Newbuilding crude tankers are doing something unusual: they have been carrying refined products for more than their maiden voyage.

It is a rare phenomenon that industry sources said is only occurring because of weak earnings in their segments.

Crude tankers tend to carry distillates in their maiden voyages under normal market conditions, but limited crude shipments have kept some of them in the product trade longer than usual.

“Given the absence of dirty cargoes, and opportunity for clean product players to move more volume via [VLCCs] especially, it is understandable to see it develop,” Euronav head of communications Brian Gallagher told TradeWinds.

He added that the opportunistic play should help dirty tanker owners to transition “to when a more balanced market emerges” later this year, when Opec+ supply is expected to increase and Covid-19 restrictions ease.

“I think it is more to do with simple market dynamics and opportunity at this time and nothing more,” said Gallagher, whose company owns one of the world’s largest crude tanker fleets.

But some market experts, including Clarksons Platou Securities, suggest the newbuilding tonnage has pressured down product tankers rates by undermining their demand.

The investment bank said daily earnings for a modern LR2 had decreased by 76.8% over the past month to $5,100 per day on Tuesday.

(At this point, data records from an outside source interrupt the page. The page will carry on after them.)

(* Let $q$ be a prime power and let $d,\tau,n,m$ be integers with $\lfloor (d-1)/2\rfloor+1\le\tau<d\le n\le m$ and $\tau\le n-\tau$. Then there exist a code $\mathcal C\subseteq\mathbb F_{q^m}^n$ with minimum rank distance at least $d$ and a word $\mathbf r\in\mathbb F_{q^m}^n$ such that $$\max_{\mathbf y\in\mathbb F_{q^m}^n}|\mathcal C\cap\mathcal B_\tau(\mathbf y)|\ \ge\ |\mathcal C\cap\mathcal B_\tau(\mathbf r)|\ \ge\ q^{(n-\tau)(\tau-\lfloor (d-1)/2\rfloor)}.$$
   Context: Fixing a basis of $\mathbb F_{q^m}$ over $\mathbb F_q$, each vector in $\mathbb F_{q^m}^n$ is identified with an $m\times n$ matrix over $\mathbb F_q$; $\mathrm{rk}$ denotes the rank of this matrix. The minimum rank distance of $\mathcal C$ is $\min\{\mathrm{rk}(\mathbf c_1-\mathbf c_2):\mathbf c_1\neq\mathbf c_2\in\mathcal C\}$, and $\mathcal B_\tau(\mathbf r)=\{\mathbf x:\mathrm{rk}(\mathbf x-\mathbf r)\le\tau\}$. Codes are not required to be linear. *)

From HB Require Import structures.
From mathcomp Require Import all_boot all_order all_algebra all_field.
Set Implicit Arguments. Unset Strict Implicit. Unset Printing Implicit Defensive.
Import GRing.Theory.
Local Open Scope ring_scope.

(* The field extension L of F (L = F_{q^m} when #|F| = q and \dim {:L} = m). *)
Definition coordmx (F : fieldType) (L : fieldExtType F) (n : nat)
  (x : 'rV[L]_n) : 'M[F]_(\dim {:L}, n) :=
  \matrix_(i, j) coord (vbasis {:L}) i (x 0 j).

Definition rk (F : fieldType) (L : fieldExtType F) (n : nat) (x : 'rV[L]_n) : nat :=
  \rank (coordmx x).

Definition min_rank_dist_ge (F : fieldType) (L : fieldExtType F) (n : nat)
  (C : seq 'rV[L]_n) (d : nat) : Prop :=
  forall c1 c2, c1 \in C -> c2 \in C -> c1 != c2 -> (d <= rk (c1 - c2))%N.

(* |C ∩ B_tau(r)| for a duplicate-free list C *)
Definition ball_count (F : fieldType) (L : fieldExtType F) (n : nat)
  (C : seq 'rV[L]_n) (tau : nat) (r : 'rV[L]_n) : nat :=
  count (fun x => (rk (x - r) <= tau)%N) C.

From HB Require Import structures.
From mathcomp Require Import all_boot all_order all_algebra all_field.
From mathcomp Require Import zify.
Set Implicit Arguments. Unset Strict Implicit. Unset Printing Implicit Defensive.
Import GRing.Theory passmx.
Local Open Scope ring_scope.

(* Let t = (d-1)/2, k = tau - t and N = n - tau, and view F_{q^N} as the
   field K.  A matrix X of k rows over F_q encodes a q-linearized polynomial
   f_X(y) = sum_(i<k) c_i y^(q^i) over K; let B_X be the tau x N matrix of f_X
   restricted to a tau-dimensional F_q-subspace of K.  The codewords are the
   n x n matrices [[I, B_X], [B_X^T, B_X^T B_X]] = [I; B_X^T] [I, B_X], padded
   with zero rows to m rows.  Each has rank at most tau, so all q^(kN) of them
   lie in the ball of radius tau around 0.  A nonzero f_X has at most
   q^(k-1) roots, so rank (B_X - B_X') > tau - k, and block elimination turns
   the difference of two codewords into [[0, D], [D^T, 0]] with D = B_X - B_X',
   whose rank 2 rank D >= 2 (t + 1) >= d. *)

Lemma separable_XnsubX (R : idomainType) (Q : nat) :
  Q%:R = 0 :> R -> separable_poly ('X^Q - 'X : {poly R}).
Proof.
move=> QR0; rewrite unlock derivB derivXn derivX -scaler_nat QR0 scale0r.
by rewrite sub0r -[X in coprimep _ X]scaleN1r coprimepZr ?oppr_eq0 ?oner_eq0 // coprimep1.
Qed.

Lemma natr_card_fieldExt (F : finFieldType) (L : fieldExtType F) :
  #|F|%:R = 0 :> L.
Proof.
have [p _ pcharFp] := finPcharP F.
have cardF : #|F| = (p ^ logn p #|F|)%N := card_pprimeChar pcharFp.
have s_gt0 : (0 < logn p #|F|)%N.
  by move: (finNzRing_gt1 F); rewrite {1}cardF lt0n; apply: contraTneq => ->.
by rewrite {1}cardF natrX pcharf0 ?pchar_lalg // expr0n gtn_eqF.
Qed.

(* As in [pPrimePowerField]: the splitting field of 'X^Q - 'X has Q elements. *)
Lemma exists_fieldExt_dim (F : finFieldType) (N : nat) :
  (0 < N)%N -> exists K : fieldExtType F, \dim {:K} = N.
Proof.
move=> N_gt0; set Q := (#|F| ^ N)%N.
have q_gt1 : (1 < #|F|)%N := finNzRing_gt1 F.
have Q_gt1 : (1 < Q)%N by rewrite /Q -(exp1n N) ltn_exp2r.
pose pQ (R : nzRingType) : {poly R} := 'X^Q - 'X.
have size_pQ (R : nzRingType) : size (pQ R) = Q.+1.
  by rewrite size_polyDl size_polyXn // size_polyN size_polyX.
have /FinSplittingFieldFor[/= L [zs DpQ defL]] : pQ F != 0.
  by rewrite -size_poly_gt0 size_pQ.
rewrite [map_poly _ _]rmorphB rmorphXn /= map_polyX -/(pQ L) in DpQ.
have QL0 : Q%:R = 0 :> L by rewrite natrX natr_card_fieldExt expr0n gtn_eqF.
have uniq_zs : uniq zs.
  by rewrite -separable_prod_XsubC -(eqp_separable DpQ) separable_XnsubX.
have /finField_galois_generator[/= a _ Da] : (1 <= {:L})%VS by apply: sub1v.
rewrite dimv1 expn1 in Da; pose Em := fixedSpace (a ^+ N)%g.
have fixed_zs : zs =i Em.
  move=> z; rewrite -root_prod_XsubC -(eqp_root DpQ) (sameP fixedSpaceP eqP).
  rewrite /root !hornerE subr_eq0 /= /Q; congr (_ == z).
  elim: (N) => [|i IHi]; first by rewrite gal_id.
  by rewrite expgSr expnSr exprM IHi galM ?Da ?memvf.
have fixed_full : Em = {:L}%VS.
  apply/eqP; rewrite eqEsubv subvf -defL -[Em]subfield_closed agenvS //.
  by rewrite subv_add sub1v; apply/span_subvP => z; rewrite fixed_zs.
have card_L : #|FinFieldExtType L| = Q.
  suffices /eq_card-> : FinFieldExtType L =i zs.
    by apply: succn_inj; rewrite (card_uniqP _) // -(size_prod_XsubC _ id)
      -(eqp_size DpQ) size_pQ.
  by move=> z; rewrite fixed_zs fixed_full memvf.
exists L; apply: (@expnI #|F|) => //.
by rewrite -/Q -card_L -(card_vspacef (Vector.class (finvect_type L))) card_vspace.
Qed.

Section FrobeniusPower.
Variables (F : finFieldType) (K : fieldExtType F) (i : nat).
Local Notation qi := (#|F| ^ i)%N.

Lemma expf_card_pow (c : F) : c ^+ qi = c.
Proof.
elim: i => [|j IHj]; first by rewrite expr1.
by rewrite expnSr exprM IHj expf_card.
Qed.

Lemma exprD_card_pow (x y : K) : (x + y) ^+ qi = x ^+ qi + y ^+ qi.
Proof.
have [p pr_p pcharFp] := finPcharP F.
rewrite [#|F|](card_pprimeChar pcharFp) -expnM exprDn_pchar ?pchar_lalg //.
by rewrite pnatX (pnatE _ pr_p) pchar_lalg pcharFp.
Qed.

Lemma expr_card_pow_sum (I : finType) (w : I -> F) (v : I -> K) :
  (\sum_j w j *: v j) ^+ qi = \sum_j w j *: v j ^+ qi.
Proof.
elim/big_rec2: _ => [|j a b _ <-]; last by rewrite exprD_card_pow exprZn expf_card_pow.
by rewrite expr0n expn_eq0 gtn_eqF // ltnW // finNzRing_gt1.
Qed.

End FrobeniusPower.

Section Linearized.
Variables (F : finFieldType) (K : fieldExtType F) (k : nat).
Local Notation e := (vbasis {:K}).
Local Notation q := #|F|.
Implicit Types (X : 'M[F]_(k, \dim {:K})) (y : K).

Definition linearized X y : K :=
  \sum_(i < k) vecof e (row i X) * y ^+ (q ^ i).

Lemma linearizedB X X' y :
  linearized (X - X') y = linearized X y - linearized X' y.
Proof.
by rewrite -sumrB; apply: eq_bigr => i _; rewrite rowE mulmxBr linearB -!rowE mulrBl.
Qed.

Lemma linearized_sum X (I : finType) (w : I -> F) (v : I -> K) :
  linearized X (\sum_j w j *: v j) = \sum_j w j *: linearized X (v j).
Proof.
rewrite /linearized; under eq_bigr do rewrite expr_card_pow_sum mulr_sumr.
rewrite exchange_big; apply: eq_bigr => j _; rewrite scaler_sumr.
by apply: eq_bigr => i _; rewrite scalerAr.
Qed.

Lemma roots_linearized X (s : seq K) :
  X != 0 -> uniq s -> all (fun y => linearized X y == 0) s ->
  (size s <= q ^ k.-1)%N.
Proof.
move=> nzX uniq_s roots_s; have q_gt1 := finNzRing_gt1 F.
pose c i := vecof e (row i X).
have [i0 nz_c] : exists i0, c i0 != 0.
  apply/existsP; apply: contraNT nzX; rewrite negb_exists => /forallP c0.
  apply/eqP/row_matrixP => i; rewrite row0; apply/eqP.
  by rewrite -(vecof_eq0 (vbasisP _)); have := c0 i; rewrite negbK.
pose P := \sum_(i < k) c i *: 'X^(q ^ i).
have P_nz : P != 0.
  apply: contraNneq nz_c => P0; have := congr1 (fun p : {poly K} => p`_(q ^ i0)) P0.
  rewrite coef_sumMXn coef0; under eq_bigl do rewrite eqn_exp2l //.
  by rewrite big_pred1_eq => /eqP.
have size_P : (size P <= (q ^ k.-1).+1)%N.
  apply: leq_trans (size_sum _ _ _) _; apply/bigmax_leqP => i _.
  apply: leq_trans (size_scale_leq _ _) _; rewrite size_polyXn ltnS leq_exp2l //.
  by rewrite -ltnS prednK //; apply: leq_ltn_trans (ltn_ord i0).
have roots_P : all (root P) s.
  apply: sub_all roots_s => y; rewrite /root horner_sum.
  by under eq_bigr do rewrite hornerZ hornerXn.
by have := leq_trans (max_poly_roots P_nz roots_P uniq_s) size_P; rewrite ltnS.
Qed.

Variables (tau : nat) (v : tau.-tuple K).

Definition restr_mx X : 'M[F]_(tau, \dim {:K}) :=
  \matrix_(j < tau) rVof e (linearized X v`_j).

Lemma restr_mxB X X' : restr_mx (X - X') = restr_mx X - restr_mx X'.
Proof. by apply/matrixP => j l; rewrite !mxE linearizedB linearB. Qed.

Lemma mxrank_restr_mx X : free v -> X != 0 -> (tau < \rank (restr_mx X) + k)%N.
Proof.
(* The kernel of [restr_mx X] yields q ^ (tau - rank) distinct roots. *)
move=> free_v nzX; have q_gt1 := finNzRing_gt1 F.
have k_gt0 : (0 < k)%N by case: k X nzX => // X; rewrite flatmx0 eqxx.
set A := restr_mx X; set r := \rank (kermx A).
pose w (u : 'rV[F]_r) := u *m row_base (kermx A).
pose y u := \sum_j w u 0 j *: v`_j.
have root_y u : linearized X (y u) == 0.
  have ker_w : w u *m A = 0.
    by apply/sub_kermxP; rewrite (submx_trans (submxMl _ _)) ?eq_row_base.
  rewrite -(rVof_eq0 (vbasisP _)) linearized_sum linear_sum; apply/eqP.
  by rewrite -[RHS]ker_w mulmx_sum_row; apply: eq_bigr => j _; rewrite linearZ rowK.
have inj_y : injective y.
  move=> u u' yuu'; apply: (row_free_inj (row_base_free _)); apply/rowP => j.
  by have := congr1 (coord v j) yuu'; rewrite !coord_sum_free.
have : (size (map y (enum 'rV[F]_r)) <= q ^ k.-1)%N.
  apply: roots_linearized nzX _ _; first by rewrite map_inj_uniq ?enum_uniq.
  by apply/allP => _ /mapP[u _ ->]; apply: root_y.
rewrite size_map -cardE card_mx mul1n leq_exp2l // /r mxrank_ker; lia.
Qed.

End Linearized.

Section LiftMatrix.
Variables (R : fieldType) (t N : nat).
Implicit Types B : 'M[R]_(t, N).

Definition lift_mx B : 'M[R]_(t + N) := block_mx 1%:M B B^T (B^T *m B).

Lemma lift_mxE B : lift_mx B = col_mx 1%:M B^T *m row_mx 1%:M B.
Proof. by rewrite mul_col_row !mulmx1 mul1mx. Qed.

Lemma mxrank_lift_mx B : (\rank (lift_mx B) <= t)%N.
Proof. by rewrite lift_mxE (leq_trans (mxrankM_maxl _ _)) ?rank_leq_col. Qed.

Lemma mxrank_antidiag_block m n (P : 'M[R]_(m, n)) (Q : 'M[R]_(n, m)) :
  \rank (block_mx 0 P Q 0) = (\rank P + \rank Q)%N.
Proof.
rewrite block_mxEv -addsmxE mxrank_disjoint_sum ?rank_row_mx0 ?rank_row_0mx //.
apply/eqP/rowV0P => u; rewrite sub_capmx => /andP[/submxP[x ->]].
rewrite mul_mx_row mulmx0 => /submxP[z]; rewrite mul_mx_row mulmx0.
by move=> /eq_row_mx[_ ->]; rewrite row_mx0.
Qed.

Lemma lift_mxB_equiv B B' :
  block_mx 1%:M 0 (- B^T) 1%:M *m (lift_mx B - lift_mx B') *m
  block_mx 1%:M (- B') 0 1%:M = block_mx 0 (B - B') (B - B')^T 0.
Proof.
rewrite /lift_mx opp_block_mx add_block_mx !mulmx_block subrr.
rewrite !mul0mx !mulmx0 !mul1mx !mulmx1 !addr0 !add0r mul0mx add0r.
congr block_mx; first by rewrite linearB.
by rewrite mulmxN mulmxBl !mulNmx mulmxBr !opprB addrC !addrA !subrK subrr.
Qed.

Lemma mxrank_lift_mxB B B' :
  (2 * \rank (B - B')%R <= \rank (lift_mx B - lift_mx B')%R)%N.
Proof.
set P := block_mx 1%:M 0 (- B^T) 1%:M; set Q := block_mx 1%:M (- B') 0 1%:M.
have := mxrankM_maxl (P *m (lift_mx B - lift_mx B')) Q.
rewrite lift_mxB_equiv mxrank_antidiag_block mxrank_tr addnn -mul2n => le2.
exact: leq_trans le2 (mxrankM_maxr _ _).
Qed.

End LiftMatrix.

Section PadRows.
Variables (R : fieldType) (m m' n : nat).
Hypothesis le_mm' : (m <= m')%N.

Definition pad_rows (A : 'M[R]_(m, n)) : 'M[R]_(m', n) :=
  castmx (subnKC le_mm', erefl n) (col_mx A 0).

Lemma pad_rowsB A B : pad_rows (A - B) = pad_rows A - pad_rows B.
Proof.
by apply/matrixP => i j; rewrite !(castmxE, mxE); case: split => l; rewrite !mxE ?subr0.
Qed.

Lemma mxrank_pad_rows A : \rank (pad_rows A) = \rank A.
Proof. by rewrite (eqmx_cast _ _).1 rank_col_mx0. Qed.

End PadRows.

Section RankWords.
Variables (F : fieldType) (L : fieldExtType F) (n : nat).
Implicit Types M : 'M[F]_(\dim {:L}, n).

Definition word_of_mx M : 'rV[L]_n := \row_j vecof (vbasis {:L}) (col j M)^T.

Lemma coordmx_word M : coordmx (word_of_mx M) = M.
Proof. by apply/matrixP => i j; rewrite !mxE coord_vecof ?vbasisP // !mxE. Qed.

Lemma rk_word M : rk (word_of_mx M) = \rank M.
Proof. by rewrite /rk coordmx_word. Qed.

Lemma coordmxB (x y : 'rV[L]_n) : coordmx (x - y) = coordmx x - coordmx y.
Proof. by apply/matrixP => i j; rewrite !mxE linearB. Qed.

Lemma rk_wordB M M' : rk (word_of_mx M - word_of_mx M') = \rank (M - M').
Proof. by rewrite /rk coordmxB !coordmx_word. Qed.

End RankWords.

Lemma exists_free_tuple (F : fieldType) (V : vectType F) (t : nat) :
  (t <= \dim {:V})%N -> exists v : t.-tuple V, free v.
Proof.
move=> le_t; exists (tcast (minn_idPl le_t) [tuple of take t (vbasis {:V})]).
rewrite val_tcast /=; apply: (@catl_free _ _ (drop t (vbasis {:V}))).
by rewrite cat_take_drop (basis_free (vbasisP _)).
Qed.

Section RankCode.
Variables (F : finFieldType) (K L : fieldExtType F) (tau k : nat).
Variable v : tau.-tuple K.
Hypotheses (free_v : free v) (le_dim : (tau + \dim {:K} <= \dim {:L})%N).
Implicit Types X : 'M[F]_(k, \dim {:K}).

Definition codeword X : 'rV[L]_(tau + \dim {:K}) :=
  word_of_mx (pad_rows le_dim (lift_mx (restr_mx v X))).

Lemma rk_codeword X : (rk (codeword X) <= tau)%N.
Proof. by rewrite rk_word mxrank_pad_rows mxrank_lift_mx. Qed.

Lemma rk_codewordB X X' :
  X != X' -> (2 * (tau.+1 - k) <= rk (codeword X - codeword X'))%N.
Proof.
rewrite -subr_eq0 => nzXX'; rewrite rk_wordB -pad_rowsB mxrank_pad_rows.
apply: leq_trans (mxrank_lift_mxB _ _); rewrite leq_mul2l /= -restr_mxB.
by rewrite leq_subLR addnC; apply: mxrank_restr_mx.
Qed.

Lemma codeword_inj : (k <= tau)%N -> injective codeword.
Proof.
move=> le_k X X' eqXX'; apply/eqP; apply: contraTT le_k => /rk_codewordB.
by rewrite eqXX' /codeword rk_wordB subrr mxrank0 -ltnNge; lia.
Qed.

End RankCode.

Theorem theorem4 (F : finFieldType) (L : fieldExtType F) (q d tau n m : nat) :
  #|F| = q -> \dim {:L} = m ->
  ((d.-1)./2 + 1 <= tau)%N -> (tau < d)%N -> (d <= n)%N -> (n <= m)%N ->
  (tau <= n - tau)%N ->
  exists (C : seq 'rV[L]_n) (r : 'rV[L]_n),
    [/\ uniq C, min_rank_dist_ge C d,
        (exists ymax : 'rV[L]_n,
           (forall y, (ball_count C tau y <= ball_count C tau ymax)%N) /\
           (ball_count C tau r <= ball_count C tau ymax)%N) &
        (q ^ ((n - tau) * (tau - (d.-1)./2)) <= ball_count C tau r)%N].
Proof.
move=> cardF dimL le_t lt_td le_dn le_nm le_tn.
have le_d : (d <= 2 * ((d.-1)./2).+1)%N.
  by have := odd_double_half d.-1; have := leq_b1 (odd d.-1); lia.
move: ((d.-1)./2) le_t le_d => t le_t le_d.
have [N def_n] : exists N, n = (tau + N)%N by exists (n - tau)%N; lia.
have [K dimK] := @exists_fieldExt_dim F N ltac:(lia).
have [v free_v] := @exists_free_tuple _ K tau ltac:(lia).
subst n m N.
pose C := map (codeword v le_nm) (enum 'M[F]_(tau - t, \dim {:K})).
have ball_C : ball_count C tau 0 = size C.
  by apply/eqP; rewrite -all_count; apply/allP => _ /mapP[X _ ->]; rewrite subr0 rk_codeword.
exists C, 0; split.
- rewrite map_inj_uniq; first exact: enum_uniq.
  by apply: (codeword_inj free_v); lia.
- move=> _ _ /mapP[X _ ->] /mapP[X' _ ->] neq.
  have /(rk_codewordB free_v le_nm) : X != X' by apply: contraNneq neq => ->.
  by apply: leq_trans; lia.
- by exists 0; split => [y|//]; rewrite ball_C count_size.
- by rewrite ball_C size_map -cardE card_mx cardF addKn mulnC.
Qed.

LR1s fell by 35.9% to $9,600 per day, while MRs dropped by 34.1% to $7,000 per day.

Jens Christophersen, executive vice president at product tanker operator Hafnia, believes dirty tankers' more pronounced cannibalisation of clean tanker routes is taking place because of today’s weak crude tanker rates.

“A stronger crude market will undoubtedly have a positive effect on products trades,” he said.

Trade restrictions

Some analysts added that in order to keep their newbuildings in the product trade, crude tanker owners would need to overcome technical challenges and find suitable employment opportunities.

Figures from Braemar ACM Shipbroking showed four newbuilding aframaxes, six suezmaxes and six VLCCs were shipping refined products during their first voyages in the first quarter.

Those newbuilds that have stayed in product trade for more than one trip this year include the 158,000-dwt Captain Lyristis and Maran Solon (both built 2021), according to Vortexa data.

The Captain Lyristis has been chartered by China's Unipec and the Maran Solon has been locked in by South Korea's Hanwha Group. TradeWinds has approached the trading houses for comment.

Ralph Leszczynski is research head at Banchero Costa. Photo: Marine Money

“The type of trading opportunities are not always available,” said a tanker owner, whose crude vessels have carried refined products in their first voyages.

“We would be only taking gasoil or jet fuel. We would not want to load gasoline or naphtha as they could lead to hull corrosion.”

While uncoated newbuildings could theoretically ship refined products for three or more trips, not many have actually done that for more than one voyage, others said.

Banchero Costa research head Ralph Leszczynski suggested that for those ships to remain in product trade, they need to always be carrying “exactly the same type of cargo”.

“You cannot carry one gasoil cargo and then after that load a gasoline or jet fuel cargo,” he said.